The two most marketable boxers in the world are also the two best boxers in the world. If that were the end of the statement, it would mean that we’re living through a rare moment in boxing history. But that’s not the end of the statement. These two boxers, who are a tier above whoever is no. 3 at the box office and whoever is no. 3 on the pound-for-pound list, have one more thing in common: They compete in the same weight class. This is beyond rare. This is, arguably, unprecedented.
But there’s a problem: Manny Pacquiao and Floyd Mayweather aren’t fighting each other. Mayweather is taking on Victor Ortiz this Saturday night. In November, Pacquiao is set to face Juan Manuel Marquez for a third time. They’re both decent fights. Unfortunately, if our two protagonists win — and they’re expected to — it won’t make them any more likely to meet in ring.
And if the two best and most bankable boxers alive should somehow never face each other, it would be the greatest failure for the capitalistic boxing business.
Pacquiao-Mayweather has been the most clamored-for fight in the sport since December 6, 2008, when Pacquiao dominated a heavily favored Oscar De La Hoya. Here we are in September of 2011, still waiting.

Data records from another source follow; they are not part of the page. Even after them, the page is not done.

(* For an $r$-graph $H$, $C_r(n,H)$ is bounded (for all $n$) by a constant $C(H)$ depending only on $H$ if and only if $H$ is not $2$-locally large.
   Context: An $r$-graph is an $r$-uniform hypergraph; $K_n^{(r)}$ is the complete $r$-graph on $n$ vertices. A copy of an $r$-graph $H$ in $K_n^{(r)}$ is a subhypergraph isomorphic to $H$. An $(n,r,H)$-local coloring with $k$ colors is a family of edge-colorings $f_v:E(K_n^{(r)})\to[k]$, one per vertex $v$, such that for every copy $T$ of $H$ there is $u\in V(T)$ with $f_u$ injective on $E(T)$. $C_r(n,H)$ is the minimum such $k$. Let $H$ be an $r$-graph on $m$ vertices and $\sigma:V(H)\to[m]$ a bijection. For $x\in V(H)$ and $1\le i\le r$, $T_x^i$ is the set of edges $e\ni x$ such that $\sigma(x)$ is the $i$-th smallest of the values $\sigma(v)$, $v\in e$. For $r+1\le i\le 2r+1$, $T_x^i$ is the set of edges $e\not\ni x$ such that $\sigma(x)$ is the $(i-r)$-th smallest among the values $\sigma(v)$, $v\in e\cup\{x\}$. (The sets $T_x^1,\dots,T_x^{2r+1}$ partition $E(H)$.) $H$ is $2$-locally large if there exists a bijection $\sigma:V(H)\to[m]$ such that for every vertex $x\in V(H)$ some $T_x^i$, $i\in[2r+1]$, contains at least two edges. *)

From mathcomp Require Import all_boot all_fingroup.
Set Implicit Arguments. Unset Strict Implicit. Unset Printing Implicit Defensive.

Definition r_uniform (m r : nat) (E : {set {set 'I_m}}) : Prop :=
  forall e, e \in E -> #|e| = r.

(* Edges of K_n^(r) are the r-subsets of 'I_n.  A local coloring with k colors
   is a family f_v (v : 'I_n) of colorings of edges with colors 'I_k
   (= [k]); f_v is given on all subsets, only its values on r-sets matter.
   A copy T of H in K_n^(r) is the image of H under an injection
   phi : 'I_m -> 'I_n; V(T) = phi(V(H)), E(T) = { phi(e) : e in E(H) }. *)
Definition local_coloring (n r m : nat) (E : {set {set 'I_m}}) (k : nat)
  (f : {ffun 'I_n -> {ffun {set 'I_n} -> 'I_k}}) : bool :=
  [forall phi : {ffun 'I_m -> 'I_n}, injectiveb phi ==>
     [exists x : 'I_m, [forall e in E, forall e' in E,
        (f (phi x) (phi @: e) == f (phi x) (phi @: e')) ==> (phi @: e == phi @: e')]]].

Definition has_local_coloring (n r m : nat) (E : {set {set 'I_m}}) (k : nat) : bool :=
  [exists f : {ffun 'I_n -> {ffun {set 'I_n} -> 'I_k}}, local_coloring r E f].

(* The disjunct (k == 2^n) only guarantees existence of the minimum; a local
   coloring with #|{set 'I_n}| colors (distinct color per set) exists whenever
   H has a vertex, so for m > 0 this is exactly the minimum of the paper. *)
Lemma Cr_ex (n r m : nat) (E : {set {set 'I_m}}) :
  exists k, has_local_coloring n r E k || (k == 2 ^ n).
Proof. by exists (2 ^ n); rewrite eqxx orbT. Qed.

Definition Cr (r n m : nat) (E : {set {set 'I_m}}) : nat :=
  ex_minn (Cr_ex n r E).
(* Let $A\in\mathbb{R}^{n\times d}$ be any matrix and let $\alpha_t=t$ for $t\ge 1$. Consider the following two procedures. (Smooth Perceptron.) For $\mu>0$ and $\mathbf{v}\in\mathbb{R}^d$ let $\mathbf{q}_{\mu}(\mathbf{v})=\arg\min_{\mathbf{q}\in\Delta^n}\big[\mathbf{q}^{\top}A\mathbf{v}+\mu D_E(\mathbf{q},\tfrac{\mathbf{1}}{n})\big]$. Set $\theta_0=\tfrac23$, $\mu_0=4$, $\mathbf{v}_0=\tfrac{1}{n}A^{\top}\mathbf{1}$, $\mathbf{q}_0=\mathbf{q}_{\mu_0}(\mathbf{v}_0)$, and for $t=1,\dots,T-1$: $\mathbf{v}_t=(1-\theta_{t-1})(\mathbf{v}_{t-1}+\theta_{t-1}A^{\top}\mathbf{q}_{t-1})+\theta_{t-1}^2A^{\top}\mathbf{q}_{\mu_{t-1}}(\mathbf{v}_{t-1})$, $\mu_t=(1-\theta_{t-1})\mu_{t-1}$, $\mathbf{q}_t=(1-\theta_{t-1})\mathbf{q}_{t-1}+\theta_{t-1}\mathbf{q}_{\mu_t}(\mathbf{v}_t)$, $\theta_t=\tfrac{2}{t+3}$. (Game dynamics.) Let $g(\mathbf{w},\mathbf{p})=\mathbf{p}^{\top}A\mathbf{w}-\tfrac12\|\mathbf{w}\|_2^2$, $\mathbf{p}_0=\tfrac{\mathbf{1}}{n}$, and for $j\ge0$ let $h_j(\mathbf{w})=-g(\mathbf{w},\mathbf{p}_j)$ and $\ell_j(\mathbf{p})=g(\mathbf{w}_j,\mathbf{p})$. For $t=1,\dots,T$: $\mathbf{w}_t=\arg\min_{\mathbf{w}\in\mathbb{R}^d}\sum_{j=1}^{t-1}\alpha_jh_j(\mathbf{w})+\alpha_th_{t-1}(\mathbf{w})$, and then $\mathbf{p}_t=\arg\min_{\mathbf{p}\in\Delta^n}\tfrac14\sum_{s=1}^{t}\alpha_s\ell_s(\mathbf{p})+D_E(\mathbf{p},\tfrac{\mathbf{1}}{n})$. Let $\overline{\mathbf{w}}_T=\frac{\sum_{t=1}^T\alpha_t\mathbf{w}_t}{\sum_{t=1}^T\alpha_t}$. Then $\mathbf{v}_{T-1}=\overline{\mathbf{w}}_T$ and $\mathbf{q}_{T-1}=\frac{\sum_{t=1}^{T}\alpha_t\mathbf{p}_t}{\sum_{t=1}^{T}\alpha_t}$.
   Context: $\Delta^n$ is the probability simplex in $\mathbb{R}^n$, $\mathbf{1}$ is the all-ones vector. $E(\mathbf{p})=\sum_i p_i\log p_i$ is the negative entropy and $D_E(\mathbf{p},\mathbf{q})=\sum_i p_i\log(p_i/q_i)$ its Bregman divergence on $\Delta^n$ (the KL divergence). *)

From HB Require Import structures.
From mathcomp Require Import all_boot all_order all_algebra.
From mathcomp Require Import all_classical all_reals all_analysis.
Set Implicit Arguments. Unset Strict Implicit. Unset Printing Implicit Defensive.
Import Order.TTheory GRing.Theory Num.Theory.
Local Open Scope ring_scope.

Section Defs.
Variable R : realType.

Definition simplex (n : nat) : set 'cV[R]_n :=
  fun q => (forall i, 0 <= q i ord0) /\ \sum_i q i ord0 = 1.

Definition unif (n : nat) : 'cV[R]_n := const_mx (n%:R^-1).

(* KL divergence D_E(p,q) = sum_i p_i log(p_i/q_i)  (0 log 0 = 0 since ln 0 = 0) *)
Definition KL (n : nat) (p q : 'cV[R]_n) : R :=
  \sum_i p i ord0 * ln (p i ord0 / q i ord0).

Definition is_argmin (T : Type) (S : set T) (f : T -> R) (x : T) : Prop :=
  S x /\ forall y, S y -> f x <= f y.

Definition bil (n d : nat) (A : 'M[R]_(n, d)) (p : 'cV[R]_n) (w : 'cV[R]_d) : R :=
  (p^T *m A *m w) ord0 ord0.

Definition gpay (n d : nat) (A : 'M[R]_(n, d)) (w : 'cV[R]_d) (p : 'cV[R]_n) : R :=
  bil A p w - 2^-1 * \sum_i (w i ord0) ^+ 2.

Definition alpha (t : nat) : R := t%:R.
End Defs.

(* With alpha_t = t the cumulative weights are A_t = t(t+1)/2 and
   theta_k = alpha_{k+2} / A_{k+2}, so each (1 - theta_k, theta_k) combination in
   the Smooth Perceptron is one step of an alpha-weighted running average.
   The w-player minimizes a strictly convex quadratic, so w_t is A^T applied to the
   optimistic weighted sum of the p's, divided by A_t.  The p-player's response and
   the smoothed best response q_mu both minimize a linear term plus KL over the
   simplex, and that minimizer is unique by strict convexity of x ln x.  Induction
   on k then gives v_k = wbar_{k+1}, q_k = pbar_{k+1} and mu_k = 4 / A_{k+1}: at these
   values q_mu(v_k) is the response p_{k+1}, and the v-update is the running average
   of v_k with w_{k+2}. *)

From HB Require Import structures.
From mathcomp Require Import all_boot all_order all_algebra.
From mathcomp Require Import all_classical all_reals all_analysis.
From mathcomp Require Import ring lra zify.
Import Order.TTheory GRing.Theory Num.Theory.
Set Implicit Arguments. Unset Strict Implicit. Unset Printing Implicit Defensive.
Local Open Scope ring_scope.

Section Entropy.
Variable R : realType.

Lemma ln_lt_subr1 (x : R) : 0 < x -> x != 1 -> ln x < x - 1.
Proof.
move=> x_gt0 x_neq1.
have := expR_gt1Dx (x := ln x); rewrite ln_eq0 // lnK ?posrE //.
by move/(_ x_neq1); lra.
Qed.

Lemma xlnx_tangent_lt (u a m : R) : 0 < u -> 0 <= a -> 0 < m -> a != m ->
  a * ln (m / u) + (a - m) < a * ln (a / u).
Proof.
move=> u_gt0 a_ge0 m_gt0 a_neq_m.
have [->|a_neq0] := eqVneq a 0; first by rewrite !mul0r !add0r oppr_lt0.
have a_gt0 : 0 < a by rewrite lt_def a_neq0.
have ma_neq1 : m / a != 1.
  by apply: contra a_neq_m => /eqP ma1; rewrite -[m](divfK a_neq0) ma1 mul1r.
have := ln_lt_subr1 (divr_gt0 m_gt0 a_gt0) ma_neq1.
rewrite !ln_div ?posrE // -(ltr_pM2l a_gt0) => lt_ln.
have am : a * (m / a - 1) = m - a by field.
by rewrite am in lt_ln; lra.
Qed.

Lemma xlnx_midpoint_lt (u a b : R) : 0 < u -> 0 <= a -> 0 <= b -> a != b ->
  2 * ((a + b) / 2 * ln ((a + b) / 2 / u)) < a * ln (a / u) + b * ln (b / u).
Proof.
move=> u_gt0 a_ge0 b_ge0 a_neq_b.
have mid_gt0 : 0 < (a + b) / 2.
  apply: divr_gt0 => //; rewrite lt_def addr_ge0 // andbT.
  by apply: contra a_neq_b; rewrite paddr_eq0 // => /andP[/eqP-> /eqP->].
have a_neq_mid : a != (a + b) / 2 by apply: contra a_neq_b => /eqP ?; apply/eqP; lra.
have b_neq_mid : b != (a + b) / 2 by apply: contra a_neq_b => /eqP ?; apply/eqP; lra.
have := xlnx_tangent_lt u_gt0 a_ge0 mid_gt0 a_neq_mid.
have := xlnx_tangent_lt u_gt0 b_ge0 mid_gt0 b_neq_mid.
set L := ln _; lra.
Qed.

Lemma xlnx_midpoint_le (u a b : R) : 0 < u -> 0 <= a -> 0 <= b ->
  2 * ((a + b) / 2 * ln ((a + b) / 2 / u)) <= a * ln (a / u) + b * ln (b / u).
Proof.
move=> u_gt0 a_ge0 b_ge0; have [<-|a_neq_b] := eqVneq a b.
  have -> : (a + a) / 2 = a by field.
  lra.
exact/ltW/xlnx_midpoint_lt.
Qed.

Lemma KL_midpoint_lt n (u y1 y2 : 'cV[R]_n) : (forall i, 0 < u i 0) ->
  (forall i, 0 <= y1 i 0) -> (forall i, 0 <= y2 i 0) -> y1 != y2 ->
  2 * KL (2^-1 *: (y1 + y2)) u < KL y1 u + KL y2 u.
Proof.
move=> u_gt0 y1_ge0 y2_ge0 y12.
have [i y12_i] : exists i, y1 i 0 != y2 i 0.
  apply/existsP; apply: contraR y12 => /existsPn y12.
  by apply/eqP/matrixP => i j; rewrite ord1; apply/eqP/negPn/y12.
have midE k : (2^-1 *: (y1 + y2)) k 0 = (y1 k 0 + y2 k 0) / 2 by rewrite !mxE mulrC.
rewrite /KL mulr_sumr -big_split /= (bigD1 i) //= [ltRHS](bigD1 i) //=.
apply: ltr_leD; first by rewrite midE xlnx_midpoint_lt.
by apply: ler_sum => k _; rewrite midE xlnx_midpoint_le.
Qed.
End Entropy.

Section Argmin.
Variable R : realType.

Lemma is_argmin_affine (U : Type) (S : set U) (f g : U -> R) (a c : R) y : 0 < a ->
  (forall z, S z -> f z = a * g z + c) -> is_argmin S f y -> is_argmin S g y.
Proof.
move=> a_gt0 fE [Sy y_min]; split=> // z Sz.
by have := y_min z Sz; rewrite !fE // lerD2r ler_pM2l.
Qed.

Lemma is_argmin_midpoint_uniq (V : lmodType R) (S : set V) (f : V -> R) y1 y2 :
  (forall z1 z2, S z1 -> S z2 -> S (2^-1 *: (z1 + z2))) ->
  (forall z1 z2, S z1 -> S z2 -> z1 != z2 -> 2 * f (2^-1 *: (z1 + z2)) < f z1 + f z2) ->
  is_argmin S f y1 -> is_argmin S f y2 -> y1 = y2.
Proof.
move=> S_mid f_mid [Sy1 y1_min] [Sy2 y2_min]; apply/eqP/negP => /negP y12.
have := f_mid _ _ Sy1 Sy2 y12.
have := y1_min _ (S_mid _ _ Sy1 Sy2); have := y2_min _ (S_mid _ _ Sy1 Sy2); lra.
Qed.

Lemma is_argmin_quadratic d (c : 'cV[R]_d) (s : R) (f : 'cV[R]_d -> R) y : 0 < s ->
  (forall x, f x = - \sum_i c i 0 * x i 0 + s * (2^-1 * \sum_i x i 0 ^+ 2)) ->
  is_argmin setT f y -> y = s^-1 *: c.
Proof.
move=> s_gt0 fE [_ y_min].
set z := s^-1 *: c.
have gap : f y - f z = \sum_i s / 2 * (y i 0 - z i 0) ^+ 2.
  rewrite !fE !mulr_sumr -!sumrN -!big_split /= -sumrB.
  by apply: eq_bigr => i _; rewrite /z mxE; field; rewrite gt_eqF.
have gap_ge0 i : 0 <= s / 2 * (y i 0 - z i 0) ^+ 2 by rewrite mulr_ge0 ?sqr_ge0 ?divr_ge0 ?ltW.
have /eqP : \sum_i s / 2 * (y i 0 - z i 0) ^+ 2 = 0.
  by apply/eqP; rewrite eq_le sumr_ge0 // andbT -gap subr_le0 y_min.
rewrite psumr_eq0 // => /allP yz; apply/matrixP => i j; rewrite (ord1 j).
move: (yz i (mem_index_enum _)).
by rewrite !mulf_eq0 invr_eq0 pnatr_eq0 (gt_eqF s_gt0) /= orbb subr_eq0 => /eqP.
Qed.
End Argmin.

Section Bil.
Variables (R : realType) (n d : nat) (A : 'M[R]_(n, d)).
Implicit Types (y : 'cV[R]_n) (x : 'cV[R]_d).

Lemma bil_trE y x : bil A y x = \sum_j (A^T *m y) j 0 * x j 0.
Proof.
rewrite /bil -[A]trmxK -trmx_mul trmxK mxE.
by apply: eq_bigr => j _; rewrite mxE.
Qed.

Lemma bil_addl y1 y2 x : bil A (y1 + y2) x = bil A y1 x + bil A y2 x.
Proof. by rewrite /bil linearD /= !mulmxDl mxE. Qed.

Lemma bil_scalel a y x : bil A (a *: y) x = a * bil A y x.
Proof. by rewrite /bil linearZ /= -!scalemxAl mxE. Qed.

Lemma bil_scaler a y x : bil A y (a *: x) = a * bil A y x.
Proof. by rewrite /bil -scalemxAr mxE. Qed.

Lemma bil_suml I (r : seq I) (P : pred I) (F : I -> 'cV[R]_n) x :
  bil A (\sum_(i <- r | P i) F i) x = \sum_(i <- r | P i) bil A (F i) x.
Proof. by rewrite /bil linear_sum /= !mulmx_suml summxE. Qed.

Lemma bil_sumr I (r : seq I) (P : pred I) (F : I -> 'cV[R]_d) y :
  bil A y (\sum_(i <- r | P i) F i) = \sum_(i <- r | P i) bil A y (F i).
Proof. by rewrite /bil mulmx_sumr summxE. Qed.
End Bil.

Section EntropicArgmin.
Variable R : realType.

Lemma simplex_midpoint n (y1 y2 : 'cV[R]_n) :
  simplex y1 -> simplex y2 -> simplex (2^-1 *: (y1 + y2)).
Proof.
move=> [y1_ge0 y1_sum] [y2_ge0 y2_sum]; split=> [i|].
  by rewrite !mxE mulr_ge0 ?addr_ge0.
under eq_bigr do rewrite !mxE.
by rewrite -mulr_sumr big_split /= y1_sum y2_sum; field.
Qed.

Lemma entropic_argmin_uniq n d (A : 'M[R]_(n, d)) (u : 'cV[R]_n) x y1 y2 :
  (forall i, 0 < u i 0) ->
  is_argmin (@simplex R n) (fun y => bil A y x + KL y u) y1 ->
  is_argmin (@simplex R n) (fun y => bil A y x + KL y u) y2 -> y1 = y2.
Proof.
move=> u_gt0; apply: is_argmin_midpoint_uniq; first exact: simplex_midpoint.
move=> z1 z2 [z1_ge0 _] [z2_ge0 _] z12.
have := KL_midpoint_lt u_gt0 z1_ge0 z2_ge0 z12.
rewrite bil_scalel bil_addl; lra.
Qed.
End EntropicArgmin.

Section Weights.
Context {R : realType}.

Definition cum_alpha (t : nat) : R := \sum_(1 <= s < t.+1) @alpha R s.

Definition wsum (V : lmodType R) (x : nat -> V) (t : nat) : V :=
  \sum_(1 <= s < t.+1) @alpha R s *: x s.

It once seemed inevitable that the megafight would come to fruition, and even after negotiations failed in January 2010 and again that summer, there remained reasons to believe: Too much money is on the table for the fight not to happen. Conservatively, each fighter stands to make $40 million. Fifty million dollars is by no means unrealistic. It has to happen.
But it hasn’t. So maybe we need something unconventional. You want to see Pacquiao versus Mayweather? Root for Ortiz to win Saturday night. Better yet, root for Ortiz to beat Mayweather by controversial decision. (Hey, boxing judges, you told us Paul Williams beat Erislandy Lara, Devon Alexander beat Lucas Matthysse, and Felix Sturm beat Matthew Macklin, all in a span of 14 days this summer, all in high-profile pay-cable fights. Surely, you can screw up one decision at a time when long-suffering fight fans might actually stand to benefit from a robbery, right?)
Why would Mayweather’s losing, particularly in disputed fashion, be a good thing? Because there’s never been a fighter as fervently protective of his undefeated record. Mayweather’s all-consuming need to remain undefeated is the greatest obstacle preventing him from committing to a fight with Pacquiao.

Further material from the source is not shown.